Delivery system and method for implanting prosthetic heart valves like mitral valves that allows controlled expansion and securing inside the native valve to prevent trauma and leakage. The system uses a nested delivery catheter with a compacted prosthetic valve inside. It has a tether to radially restrain the valve during delivery. The catheter is retracted to allow the valve to expand inside an outer cover. The tether prevents valve movement until the catheter is fully retracted. This prevents contact with tissue as the valve expands. The valve has anchors that flip directions during expansion to secure the valve in place.

Delivery system for implanting prosthetic valves, like pulmonary valves, that allows better control and maneuverability during implantation. The system has a handle, a first shaft, a second shaft, and a gripper. The second shaft connects to the gripper and can slide inside the first shaft. The gripper and second shaft move together relative to the handle and first shaft. This allows the prosthetic valve, mounted on the second shaft, to be advanced and retracted independently of the handle. It also enables compacting the delivery system for insertion through narrow vasculature. The handle may have locking mechanisms to secure the shafts during implantation. The gripper and second shaft can be symmetrically positioned relative to the handle bottom.

Catheter for minimally invasive implantation of heart valves using self-expanding anchoring systems. The catheter has a curved shape to navigate the aorta with a small radius of curvature. This allows the catheter to negotiate the bend in the aorta without damaging the vessel wall. The curved catheter reduces the risk of complications during insertion compared to a straight catheter. The self-expanding anchoring system helps ensure accurate placement and secure anchoring of the prosthetic heart valve. The curved catheter shape improves safety during the initial insertion phase of the procedure.

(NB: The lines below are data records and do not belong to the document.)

Definition adjacent (Ks1 : {set 'I_K}) (Js1 : {set 'I_J})
  (Ks2 : {set 'I_K}) (Js2 : {set 'I_J}) (v : pvar) : Prop :=
  v \in basicvars Ks1 Js1 /\ v \notin basicvars Ks2 Js2 /\
  #|basicvars Ks1 Js1 :\: basicvars Ks2 Js2| = 1%N.

(* base sequence B_1..B_N (indices 1..N), with extra index sets at 0 and N+1 *)
Definition base_sequence (A : 'M[R]_(K, J)) (b : 'cV[R]_K) (c : 'cV[R]_J)
  (N : nat) (Ks : nat -> {set 'I_K}) (Js : nat -> {set 'I_J})
  (u : nat -> 'cV[R]_J) (xd : nat -> 'cV[R]_K)
  (p : nat -> 'cV[R]_K) (qd : nat -> 'cV[R]_J) (v : nat -> pvar) : Prop :=
  (0 < N)%N /\
  (forall n, (1 <= n <= N)%N -> admissible_base A b c (Ks n) (Js n) (u n) (xd n) (p n) (qd n)) /\
  (forall n, (1 <= n < N)%N -> adjacent (Ks n) (Js n) (Ks n.+1) (Js n.+1) (v n)) /\
  Ks 0%N \subset Ks 1%N /\ Js N.+1 \subset Js N.

Definition xcurve (x0 : 'cV[R]_K) (xd : nat -> 'cV[R]_K) (tau : nat -> R) (n : nat)
  : 'cV[R]_K := x0 + \sum_(1 <= m < n.+1) tau m *: xd m.
Definition qcurve (N : nat) (qN : 'cV[R]_J) (qd : nat -> 'cV[R]_J) (tau : nat -> R)
  (n : nat) : 'cV[R]_J := qN + \sum_(n.+1 <= m < N.+1) tau m *: qd m.

(* the base-sequence system (a)-(e); bold boundary values are u0 uN q0 pN p0 xN,
   and x0 = x^0, qN = q^N *)
Definition base_seq_system (A : 'M[R]_(K, J)) (beta : 'cV[R]_K) (gamma : 'cV[R]_J)
  (T : R) (N : nat) (Ks : nat -> {set 'I_K}) (Js : nat -> {set 'I_J})
  (xd : nat -> 'cV[R]_K) (qd : nat -> 'cV[R]_J) (v : nat -> pvar)
  (u0 uN qN q0 : 'cV[R]_J) (x0 xN p0 pN : 'cV[R]_K) (tau : nat -> R) : Prop :=
  (* (a) *)
  (forall n, (1 <= n < N)%N ->
     (forall k, v n = inr k -> xcurve x0 xd tau n k 0 = 0) /\
     (forall j, v n = inl j -> qcurve N qN qd tau n j 0 = 0)) /\
  (* (b) *)
  \sum_(1 <= n < N.+1) tau n = T /\
  (* (c) *)
  (forall j, j \in Js 0%N -> u0 j 0 = 0) /\
  (forall k, k \notin Ks 0%N -> x0 k 0 = 0) /\
  (forall k, k \in Ks 0%N -> p0 k 0 = 0) /\
  (forall j, j \notin Js 0%N -> q0 j 0 = 0) /\
  (forall k, k \in Ks N.+1 -> pN k 0 = 0) /\
  (forall j, j \notin Js N.+1 -> qN j 0 = 0) /\
  (forall j, j \in Js N.+1 -> uN j 0 = 0) /\
  (forall k, k \notin Ks N.+1 -> xN k 0 = 0) /\
  (* (d) *)
  A *m u0 + x0 = beta /\ A^T *m pN - qN = gamma /\
  (* (e) *)
  A *m uN + xN - xcurve x0 xd tau N = 0 /\
  A^T *m p0 - q0 + qcurve N qN qd tau 0%N = 0.

Definition system_nonneg (N : nat) (xd : nat -> 'cV[R]_K) (qd : nat -> 'cV[R]_J)
  (u0 uN qN q0 : 'cV[R]_J) (x0 xN p0 pN : 'cV[R]_K) (tau : nat -> R) : Prop :=
  lecv 0 u0 /\ lecv 0 uN /\ lecv 0 qN /\ lecv 0 q0 /\
  lecv 0 x0 /\ lecv 0 xN /\ lecv 0 p0 /\ lecv 0 pN /\
  (forall n, (1 <= n <= N)%N -> 0 <= tau n) /\
  (forall n, (n <= N)%N -> lecv 0 (xcurve x0 xd tau n) /\ lecv 0 (qcurve N qN qd tau n)).

Definition blp_feasible (A : 'M[R]_(K, J)) (beta r : 'cV[R]_K) (u0 uN : 'cV[R]_J) : Prop :=
  lecv (A *m u0) beta /\ lecv (A *m u0 + A *m uN) r /\ lecv 0 u0 /\ lecv 0 uN.
Definition blp_optimal (A : 'M[R]_(K, J)) (beta r : 'cV[R]_K) (f g : 'cV[R]_J)
  (u0 uN : 'cV[R]_J) : Prop :=
  blp_feasible A beta r u0 uN /\
  forall u0' uN', blp_feasible A beta r u0' uN' ->
    dotv f u0' + dotv g uN' <= dotv f u0 + dotv g uN.

Definition bdlp_feasible (A : 'M[R]_(K, J)) (gamma s : 'cV[R]_J) (pN p0 : 'cV[R]_K) : Prop :=
  lecv gamma (A^T *m pN) /\ lecv s (A^T *m pN + A^T *m p0) /\ lecv 0 pN /\ lecv 0 p0.
Definition bdlp_optimal (A : 'M[R]_(K, J)) (gamma s : 'cV[R]_J) (h e : 'cV[R]_K)
  (pN p0 : 'cV[R]_K) : Prop :=
  bdlp_feasible A gamma s pN p0 /\
  forall pN' p0', bdlp_feasible A gamma s pN' p0' ->
    dotv h pN + dotv e p0 <= dotv h pN' + dotv e p0'.

End MCLP.

From HB Require Import structures.
From mathcomp Require Import all_boot all_order all_algebra.
From mathcomp Require Import ring lra.
Set Implicit Arguments. Unset Strict Implicit. Unset Printing Implicit Defensive.
Import Order.TTheory GRing.Theory Num.Theory.
Local Open Scope ring_scope.

(* The boundary LP and its dual form a primal-dual pair, so it suffices to exhibit
   feasible points with equal objective values.  Summing the basic equations
   A u^n + xdot^n = b and A^T p^n - qdot^n = c weighted by tau_n, with sum tau_n = T,
   (d) and (e) turn the coupling right-hand sides into
   beta + bT - A Uc = A u^0 + A u^N + x^N and gamma + cT - A^T Pc = A^T p^N + A^T p^0 - q^0.
   The slacks x^0, x^N, q^0, q^N are nonnegative, which gives feasibility, and by (c)
   each vanishes where its complementary variable may be nonzero, so both objectives
   equal u0'A'pN + u0'A'p0 + uN'A'pN. *)

Section InnerProduct.
Variables (R : realFieldType) (n : nat).
Implicit Types x y z : 'cV[R]_n.

Lemma dotvE x y : dotv x y = (x^T *m y) 0 0.
Proof. by rewrite /dotv mxE; apply: eq_bigr => i _; rewrite mxE. Qed.

Lemma dotvC x y : dotv x y = dotv y x.
Proof. by apply: eq_bigr => i _; rewrite mulrC. Qed.

Lemma dotvDl x y z : dotv (x + y) z = dotv x z + dotv y z.
Proof. by rewrite /dotv -big_split; apply: eq_bigr => i _; rewrite mxE mulrDl. Qed.

Lemma dotvBl x y z : dotv (x - y) z = dotv x z - dotv y z.
Proof. by rewrite /dotv -sumrB; apply: eq_bigr => i _; rewrite !mxE mulrBl. Qed.

Lemma ler_dotv2r x y z : lecv 0 z -> lecv x y -> dotv x z <= dotv y z.
Proof.
move=> z_ge0 le_xy; apply: ler_sum => i _; apply: ler_wpM2r; last exact: le_xy.
by have := z_ge0 i; rewrite mxE.
Qed.

Lemma dotv_supp_compl (S : {pred 'I_n}) x y :
  (forall i, i \in S -> y i 0 = 0) -> (forall i, i \notin S -> x i 0 = 0) ->
  dotv x y = 0.
Proof.
move=> yS xSc; apply: big1 => i _.
by case: (boolP (i \in S)) => [/yS|/xSc] ->; rewrite ?mulr0 ?mul0r.
Qed.

End InnerProduct.

Lemma dotv_mulmx (R : realFieldType) m n (M : 'M[R]_(m, n)) x y :
  dotv x (M *m y) = dotv (M^T *m x) y.
Proof. by rewrite !dotvE trmx_mul trmxK mulmxA. Qed.

Lemma lecv_addr (R : realFieldType) n (x y : 'cV[R]_n) : lecv 0 y -> lecv x (x + y).
Proof. by move=> y_ge0 i; rewrite mxE lerDl; have := y_ge0 i; rewrite mxE. Qed.

Lemma lecv_subr (R : realFieldType) n (x y : 'cV[R]_n) : lecv 0 y -> lecv (x - y) x.
Proof. by move=> y_ge0 i; rewrite !mxE gerDl oppr_le0; have := y_ge0 i; rewrite mxE. Qed.

Lemma sum_scale_residual (R : realFieldType) m n (M : 'M[R]_(m, n)) (rhs : 'cV[R]_m)
    (w : nat -> 'cV[R]_n) (s : nat -> 'cV[R]_m) (tau : nat -> R) (N : nat) :
  (forall k, (1 <= k <= N)%N -> M *m w k + s k = rhs) ->
  \sum_(1 <= k < N.+1) tau k *: s k
    = (\sum_(1 <= k < N.+1) tau k) *: rhs - M *m \sum_(1 <= k < N.+1) tau k *: w k.
Proof.
move=> eq_rhs; rewrite scaler_suml mulmx_sumr -sumrB.
apply: eq_big_nat => k /andP[k_ge1 k_lt]; rewrite -(eq_rhs k) ?k_ge1 //.
by rewrite -scalemxAr scalerDr addrC addKr.
Qed.

Section BoundaryLP.
Variables (R : realFieldType) (K J : nat) (A : 'M[R]_(K, J)).

Lemma boundary_weak_duality beta r gamma s u0 uN pN p0 :
  blp_feasible A beta r u0 uN -> bdlp_feasible A gamma s pN p0 ->
  dotv s u0 + dotv gamma uN <= dotv r pN + dotv beta p0.
Proof.
move=> [Au0_le [AuN_le [u0_ge0 uN_ge0]]] [ApN_ge [Ap0_ge [pN_ge0 p0_ge0]]].
apply: (@le_trans _ _ (dotv (A^T *m pN + A^T *m p0) u0 + dotv (A^T *m pN) uN)).
  by apply: lerD; apply: ler_dotv2r.
have -> : dotv (A^T *m pN + A^T *m p0) u0 + dotv (A^T *m pN) uN
        = dotv (A *m u0 + A *m uN) pN + dotv (A *m u0) p0.
  by rewrite !dotvDl -!dotv_mulmx !(dotvC (A *m _)) !dotv_mulmx; ring.
by apply: lerD; apply: ler_dotv2r.
Qed.

Lemma boundary_optimal_of_eq beta r gamma s u0 uN pN p0 :
  blp_feasible A beta r u0 uN -> bdlp_feasible A gamma s pN p0 ->
  dotv s u0 + dotv gamma uN = dotv r pN + dotv beta p0 ->
  blp_optimal A beta r s gamma u0 uN /\ bdlp_optimal A gamma s r beta pN p0.
Proof.
move=> pfeas dfeas obj_eq; split; split=> //.
  by move=> u0' uN' pfeas'; rewrite obj_eq; apply: boundary_weak_duality pfeas' dfeas.
by move=> pN' p0' dfeas'; rewrite -obj_eq; apply: boundary_weak_duality pfeas dfeas'.
Qed.

Lemma blp_feasible_slack u0 uN x0 xN :
  lecv 0 u0 -> lecv 0 uN -> lecv 0 x0 -> lecv 0 xN ->
  blp_feasible A (A *m u0 + x0) (A *m u0 + A *m uN + xN) u0 uN.
Proof. by move=> *; split; [apply: lecv_addr | split; [apply: lecv_addr | split]]. Qed.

Transcatheter valve delivery system for recapturing partially deployed prosthetic heart valves during implantation. The system has a delivery catheter with a funnel-shaped device to capture and compress the valve brim if it protrudes during retrieval. This prevents the valve from expanding and catching in the vasculature during removal. The funnel inverts the valve brim over the capsule and collapses it to recapture the entire valve. This allows complete retrieval if necessary.

Delivery system and method for implanting prosthetic heart valves using a delivery catheter that can flex and contort to navigate complex anatomies. The system has a bendable catheter tip that can be manipulated to steer the prosthetic valve through tortuous pathways. The catheter tip has an inner shaft that can flex independently of an outer shaft. This allows the tip to bend in different directions to conform to the body anatomy. The valve is secured on the catheter with tethers that can be released to detach the valve once it reaches the implantation site. The catheter can also have a handle with a gear system to translate the inner shaft axially to expose or cover the valve tethers. This enables controlled deployment of the valve without trauma to the native valve tissue.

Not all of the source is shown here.